# Cookie Had A Spray Bath...



## Bea (Jul 26, 2007)

...and Bailee accidentally joined in.  He didn't want a bath when i tried to mist him, but he wanted to be close to Cookie, so he ended up all soggy too.


















Whooo!!! Water!!!


















*hugs* Check out my bath buddy!!



























*whack* Ow! Cookie what are you doing!!









*hmph* Last time i try to keep her company









*blush* Hehe, sorry Bailee!









"Cookie Cookie Cookie" - he obviously forgives her for hitting him on the head.


----------



## DeBree420 (Nov 14, 2007)

thats such a nice sequence of photos...
Bailee must really love Cookie to brave a shower when he dosent want one!


----------



## Bea (Jul 26, 2007)

DeBree420 said:


> Bailee must really love Cookie to brave a shower when he dosent want one!

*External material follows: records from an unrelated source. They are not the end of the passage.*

(* Let $D$ be a division algebra and let $\sigma$ be an automorphism of $D$ such that the field $F=\mathcal{Z}(D)\cap D_\sigma$ is infinite. Then for every $n\ge 0$, the constant tuple $(\sigma,\ldots,\sigma)$ of length $n$ is automorphically normalizable over $D$; that is, every quotient ring of $D[t_1,\ldots,t_n;\sigma,\ldots,\sigma]$ by a proper two-sided ideal is automorphically normalizable over $D$.
   Context: All rings are associative with unity. $\mathcal{Z}(D)$ is the center of $D$ and $D_\sigma=\{r\in D:\sigma(r)=r\}$. For commuting automorphisms $\sigma_1,\ldots,\sigma_n$ of $D$, the skew polynomial ring $D[t_1,\ldots,t_n;\sigma_1,\ldots,\sigma_n]$ consists of polynomials $\sum r_{\mathbf i}t_1^{i_1}\cdots t_n^{i_n}$ ($r_{\mathbf i}\in D$) in pairwise commuting variables, with multiplication determined by $t_ia=\sigma_i(a)t_i$ for $a\in D$. For a ring $S\supseteq D$, an element $a\in S$ is automorphic over $D$ with respect to $\tau\in\mathrm{Aut}(D)$ if $ab=\tau(b)a$ for all $b\in D$. $S$ is finite over a subring $R$ if it is finitely generated as a left $R$-module. Commuting elements $a_1,\ldots,a_m\in S$ are (left) algebraically independent over $D$ if the monomials $a_1^{i_1}\cdots a_m^{i_m}$ are left linearly independent over $D$. $S$ is automorphically normalizable over $D$ if there exist $m\ge0$ and commuting elements $a_1,\ldots,a_m\in S$, automorphic over $D$ with respect to pairwise commuting automorphisms $\tau_1,\ldots,\tau_m$ of $D$, left algebraically independent over $D$, such that $S$ is finite over the subring $D[a_1,\ldots,a_m]$ generated by $D\cup\{a_1,\ldots,a_m\}$. A tuple $(\sigma_1,\ldots,\sigma_n)$ of commuting automorphisms is automorphically normalizable over $D$ if every quotient of $D[t_1,\ldots,t_n;\sigma_1,\ldots,\sigma_n]$ by a proper two-sided ideal is automorphically normalizable over $D$. *)

From HB Require Import structures.
From mathcomp Require Import all_boot all_order all_algebra.
Set Implicit Arguments. Unset Strict Implicit. Unset Printing Implicit Defensive.
Import GRing.Theory.
Local Open Scope ring_scope.

Definition division_ring (D : unitRingType) : Prop :=
  forall x : D, x != 0 -> x \is a GRing.unit.

Definition ring_aut (D : nzRingType) (f : {rmorphism D -> D}) : Prop := bijective f.

(* F = Z(D) ∩ D_sigma is infinite (no finite list exhausts it). *)
Definition center_fixed_infinite (D : nzRingType) (sigma : D -> D) : Prop :=
  forall s : seq D, exists2 c : D,
    (forall r : D, c * r = r * c) /\ sigma c = c & c \notin s.

Definition monom (S : nzRingType) (m : nat) (a : 'I_m -> S) (e : 'I_m -> nat) : S :=
  \prod_(i < m) a i ^+ e i.

Definition commuting_family (S : nzRingType) (m : nat) (a : 'I_m -> S) : Prop :=
  forall i j, a i * a j = a j * a i.

Definition automorphic (D S : nzRingType) (phi : D -> S) (tau : D -> D) (a : S) : Prop :=
  forall b : D, a * phi b = phi (tau b) * a.

Definition alg_indep (D S : nzRingType) (phi : D -> S) (m : nat) (a : 'I_m -> S) : Prop :=
  forall (N : nat) (r : {ffun 'I_m -> 'I_N} -> D),
    \sum_(e : {ffun 'I_m -> 'I_N}) phi (r e) * monom a (fun i => nat_of_ord (e i)) = 0 ->
    forall e, r e = 0.

Definition in_gen_subring (D S : nzRingType) (phi : D -> S) (m : nat) (a : 'I_m -> S)
  (s : S) : Prop :=
  forall P : S -> Prop,
    P 1 -> (forall x y, P x -> P y -> P (x - y)) -> (forall x y, P x -> P y -> P (x * y)) ->
    (forall d, P (phi d)) -> (forall i, P (a i)) -> P s.

Definition finite_over (S : nzRingType) (R : S -> Prop) : Prop :=
  exists g : seq S, forall s : S, exists c : 'I_(size g) -> S,
    (forall j, R (c j)) /\ s = \sum_(j < size g) c j * g`_j.

Definition aut_normalizable (D S : nzRingType) (phi : {rmorphism D -> S}) : Prop :=
  exists (m : nat) (a : 'I_m -> S) (tau : 'I_m -> {rmorphism D -> D}),
    (forall i, ring_aut (tau i)) /\
    (forall i j, tau i \o tau j =1 tau j \o tau i) /\
    commuting_family a /\
    (forall i, automorphic phi (tau i) (a i)) /\
    alg_indep phi a /\
    finite_over (in_gen_subring phi a).

(* S (with the embedding phi : D -> S and elements x_1..x_n) is a quotient of
   D[t_1,...,t_n; sigma_1,...,sigma_n] by a two-sided ideal via t_i |-> x_i:
   the x_i commute, x_i d = sigma_i(d) x_i, and S is spanned as a left
   D-module by the monomials in the x_i (i.e. the induced map from the skew
   polynomial ring is onto).  Properness of the ideal is S being a nonzero
   ring (nzRingType). *)
Definition skew_poly_quotient (D S : nzRingType) (n : nat) (sigmas : 'I_n -> D -> D)
  (phi : {rmorphism D -> S}) (x : 'I_n -> S) : Prop :=
  [/\ commuting_family x,
      forall i, automorphic phi (sigmas i) (x i)
    & forall s : S, exists (N : nat) (r : {ffun 'I_n -> 'I_N} -> D),
        s = \sum_(e : {ffun 'I_n -> 'I_N}) phi (r e) * monom x (fun i => nat_of_ord (e i))].

(* Nagata's change of variables.  Suppose the generators x_0, ..., x_k satisfy a
   nontrivial left relation sum_e r_e x^e = 0 with all exponents below N, of top
   total degree T.  For z in F put c_i = z^(N^i) for i < k, c_k = 1, and
   y_i = x_i - c_i x_k; since z is central and sigma-fixed, the y_i still commute
   and are sigma-automorphic.  Substituting x_i = y_i + c_i x_k, the relation reads
   u x_k^T + (lower powers of x_k with left coefficients in D[y]) = 0, where
   u = sum_{|e| = T} r_e z^(sum_{i<k} N^i e_i).  The Kronecker exponent
   e |-> sum_{i<k} N^i e_i is injective on exponents of a fixed total degree, so
   u = P(z) for a nonzero polynomial P; as F is infinite some z gives u <> 0, and u
   is then invertible.  So x_k^T is in the left D[y]-span of 1, ..., x_k^(T-1); as
   x_k normalizes D[y], this span contains D[x], i.e. D[x] is finite over D[y].
   Induction on the number of generators and transitivity of finiteness finish. *)

From mathcomp Require Import all_boot all_order all_algebra.
From Stdlib Require Import Classical.
Set Implicit Arguments. Unset Strict Implicit. Unset Printing Implicit Defensive.
Import GRing.Theory.
Local Open Scope ring_scope.

Section LeftSpan.
Variable S : nzRingType.

Definition is_subring (R : S -> Prop) :=
  [/\ R 1, forall a b, R a -> R b -> R (a - b) & forall a b, R a -> R b -> R (a * b)].

Variable R : S -> Prop.
Hypothesis R_subring : is_subring R.

Lemma subring1 : R 1. Proof. by case: R_subring. Qed.

Lemma subringB a b : R a -> R b -> R (a - b). Proof. by case: R_subring => _ + _; apply. Qed.

Lemma subringM a b : R a -> R b -> R (a * b). Proof. by case: R_subring => _ _; apply. Qed.

Lemma subring0 : R 0. Proof. by rewrite -(subrr 1); apply: subringB; apply: subring1. Qed.

Lemma subringN a : R a -> R (- a). Proof. by rewrite -sub0r; apply/subringB/subring0. Qed.

Lemma subringD a b : R a -> R b -> R (a + b).
Proof. by move=> Ra Rb; rewrite -[b]opprK; apply/subringB/subringN. Qed.

Definition lspan (g : seq S) (s : S) :=
  exists c : 'I_(size g) -> S, (forall j, R (c j)) /\ s = \sum_(j < size g) c j * g`_j.

Lemma lspan0 g : lspan g 0.
Proof.
exists (fun=> 0); split=> [j|]; first exact: subring0.
by rewrite big1 // => j _; rewrite mul0r.
Qed.

Lemma lspanD g s t : lspan g s -> lspan g t -> lspan g (s + t).
Proof.
move=> [c [Rc ->]] [d [Rd ->]]; exists (fun j => c j + d j); split=> [j|].
  exact: subringD.
by rewrite -big_split; apply: eq_bigr => j _; rewrite mulrDl.
Qed.

Lemma lspan_mull g r s : R r -> lspan g s -> lspan g (r * s).
Proof.
move=> Rr [c [Rc ->]]; exists (fun j => r * c j); split=> [j|].
  exact: subringM.
by rewrite mulr_sumr; apply: eq_bigr => j _; rewrite mulrA.
Qed.

Lemma lspanN g s : lspan g s -> lspan g (- s).
Proof. by rewrite -mulN1r; apply/lspan_mull/subringN/subring1. Qed.

Lemma lspanB g s t : lspan g s -> lspan g t -> lspan g (s - t).
Proof. by move=> gs gt; apply/lspanD/lspanN. Qed.

Lemma lspan_sum g I (r : seq I) (P : pred I) (F : I -> S) :
  (forall i, P i -> lspan g (F i)) -> lspan g (\sum_(i <- r | P i) F i).
Proof. by move=> gF; apply: big_ind => //; [apply: lspan0 | apply: lspanD]. Qed.

Lemma lspan_nth g (j : 'I_(size g)) : lspan g g`_j.
Proof.
exists (fun l => (l == j)%:R); split=> [l|].
  by case: eqP => _; [apply: subring1 | apply: subring0].
rewrite (bigD1 j) //= eqxx mul1r big1 ?addr0 // => l /negbTE->.
by rewrite mul0r.
Qed.

Lemma lspan_mem g v : v \in g -> lspan g v.
Proof.
by move=> gv; rewrite -(nth_index 0 gv); apply: (lspan_nth (Ordinal _)); rewrite index_mem.
Qed.

Lemma lspan_trans g1 g2 s :
  (forall j : 'I_(size g1), lspan g2 g1`_j) -> lspan g1 s -> lspan g2 s.
Proof. by move=> g12 [c [Rc ->]]; apply: lspan_sum => j _; apply/lspan_mull/g12. Qed.

End LeftSpan.

Definition finite_in (S : nzRingType) (A R : S -> Prop) :=
  exists g : seq S, forall s, A s -> lspan R g s.

Lemma finite_in_refl (S : nzRingType) (R : S -> Prop) : is_subring R -> finite_in R R.
Proof.
move=> R_subring; exists [:: 1] => s Rs; exists (fun=> s); split=> //.
by rewrite big_ord1 mulr1.
Qed.

Lemma finite_in_trans (S : nzRingType) (A R1 R2 : S -> Prop) :
  is_subring R2 -> finite_in R1 R2 -> finite_in A R1 -> finite_in A R2.
Proof.
move=> R2_subring [g2 R12] [g1 A1]; exists [seq u * v | u <- g2, v <- g1].
move=> s /A1 [c [R1c ->]]; apply: lspan_sum => // j _.
have [d [R2d ->]] := R12 _ (R1c j).
rewrite mulr_suml; apply: lspan_sum => // l _; rewrite -mulrA.
apply: lspan_mull => //; apply: lspan_mem => //.
by apply: allpairs_f; apply: mem_nth.
Qed.

Section GeneratedSubring.
Variables (D S : nzRingType) (phi : D -> S) (m : nat) (a : 'I_m -> S).

Lemma in_gen_subring_subring : is_subring (in_gen_subring phi a).
Proof.
split=> [P //| u v gu gv P P1 PB PM Pphi Pa | u v gu gv P P1 PB PM Pphi Pa].
  by apply: (PB); [apply: gu | apply: gv].
by apply: (PM); [apply: gu | apply: gv].
Qed.

Lemma in_gen_subring_phi d : in_gen_subring phi a (phi d).
Proof. by move=> P. Qed.

Lemma in_gen_subring_gen i : in_gen_subring phi a (a i).
Proof. by move=> P. Qed.

Lemma in_gen_subring_min (R : S -> Prop) :
  is_subring R -> (forall d, R (phi d)) -> (forall i, R (a i)) ->
  forall s, in_gen_subring phi a s -> R s.
Proof. by move=> [R1 RB RM] Rphi Ra s; apply. Qed.

Lemma in_gen_subring_monom (e : 'I_m -> nat) : in_gen_subring phi a (monom a e).
Proof.
have Gsub := in_gen_subring_subring.
apply: big_ind => [|u v|i _]; [exact: subring1 | exact: subringM |].
elim: (e i) => [|l IHl]; first by rewrite expr0; apply: subring1.
by rewrite exprS; apply: (subringM Gsub) => //; apply: in_gen_subring_gen.
Qed.

Lemma in_gen_subring_skew_sum N (r : {ffun 'I_m -> 'I_N} -> D) :
  in_gen_subring phi a
    (\sum_(e : {ffun 'I_m -> 'I_N}) phi (r e) * monom a (fun i => nat_of_ord (e i))).
Proof.
have Gsub := in_gen_subring_subring.
apply: big_ind => [|u v|e _]; [exact: subring0 | exact: subringD |].
by apply: (subringM Gsub); [apply: in_gen_subring_phi | apply: in_gen_subring_monom].
Qed.

End GeneratedSubring.

Section PowerSpan.
Variables (S : nzRingType) (R : S -> Prop) (w : S).
Hypothesis R_subring : is_subring R.

Lemma left_normalized_subring :
  is_subring (fun r => exists2 r', R r' & w * r = r' * w).
Proof.
split=> [|a b [a' Ra' wa] [b' Rb' wb]|a b [a' Ra' wa] [b' Rb' wb]].
- by exists 1; [apply: subring1 | rewrite mulr1 mul1r].
- by exists (a' - b'); [apply: subringB | rewrite mulrBr mulrBl wa wb].
- by exists (a' * b'); [apply: subringM | rewrite mulrA wa -mulrA wb mulrA].
Qed.

Hypothesis w_normalizes : forall r, R r -> exists2 r', R r' & w * r = r' * w.

Definition pspan t := lspan R (mkseq (GRing.exp w) t).

Lemma pspan_exp t j : (j < t)%N -> pspan t (w ^+ j).
Proof.
move=> lt_jt; have lt_j : (j < size (mkseq (GRing.exp w) t))%N by rewrite size_mkseq.
by have := lspan_nth R_subring (Ordinal lt_j); rewrite nth_mkseq.
Qed.

Lemma pspan_widen t t' s : (t <= t')%N -> pspan t s -> pspan t' s.
Proof.
move=> le_tt'; apply: lspan_trans => // j.
have lt_jt : (j < t)%N := leq_trans (ltn_ord j) (eq_leq (size_mkseq _ _)).
by rewrite nth_mkseq //; apply: pspan_exp; apply: leq_trans le_tt'.
Qed.

Lemma pspan_mulw t s : pspan t s -> pspan t.+1 (w * s).
Proof.
move=> [c [Rc ->]]; rewrite mulr_sumr; apply: lspan_sum => // j _.
have lt_jt : (j < t)%N := leq_trans (ltn_ord j) (eq_leq (size_mkseq _ _)).
have [c' Rc' wc] := w_normalizes (Rc j).
by rewrite nth_mkseq // mulrA wc -mulrA -exprS; apply: lspan_mull => //; apply: pspan_exp.
Qed.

 Yes, he does! And she's beginning to appreciate his affections too. It's very cute watching him follow her around like a puppy dog.


----------



## Rosie (Aug 27, 2007)

LOL!! I loved the photos, especially how Cookie kept whacking poor Bailee hehe.


----------



## nic bike (Oct 21, 2007)

Aww they are soo cute together.


----------



## Laura (Jul 30, 2007)

Its nice to see Cookie finally appreciating him ..hehe


----------



## Sophia (Aug 11, 2007)

I LOVED the captions  Bailee getting hit over the head by cookie, but forgave her in the end! :lol:


----------



## **TielHeart** (Jan 3, 2008)

Lol Bailee is such a warrior for the girl he loves....


----------



## xxxSpikexxx (Jul 30, 2007)

Great photos  I love the one where Bailee got bonked in the head too


----------



## Aly (Jul 30, 2007)

Awww...only a real man would get soaked for his lady...and hit by airplane wings..lol -They look adorable!


----------



## Sophia (Aug 11, 2007)

LOL!! I love the phrase Airplane Wings


----------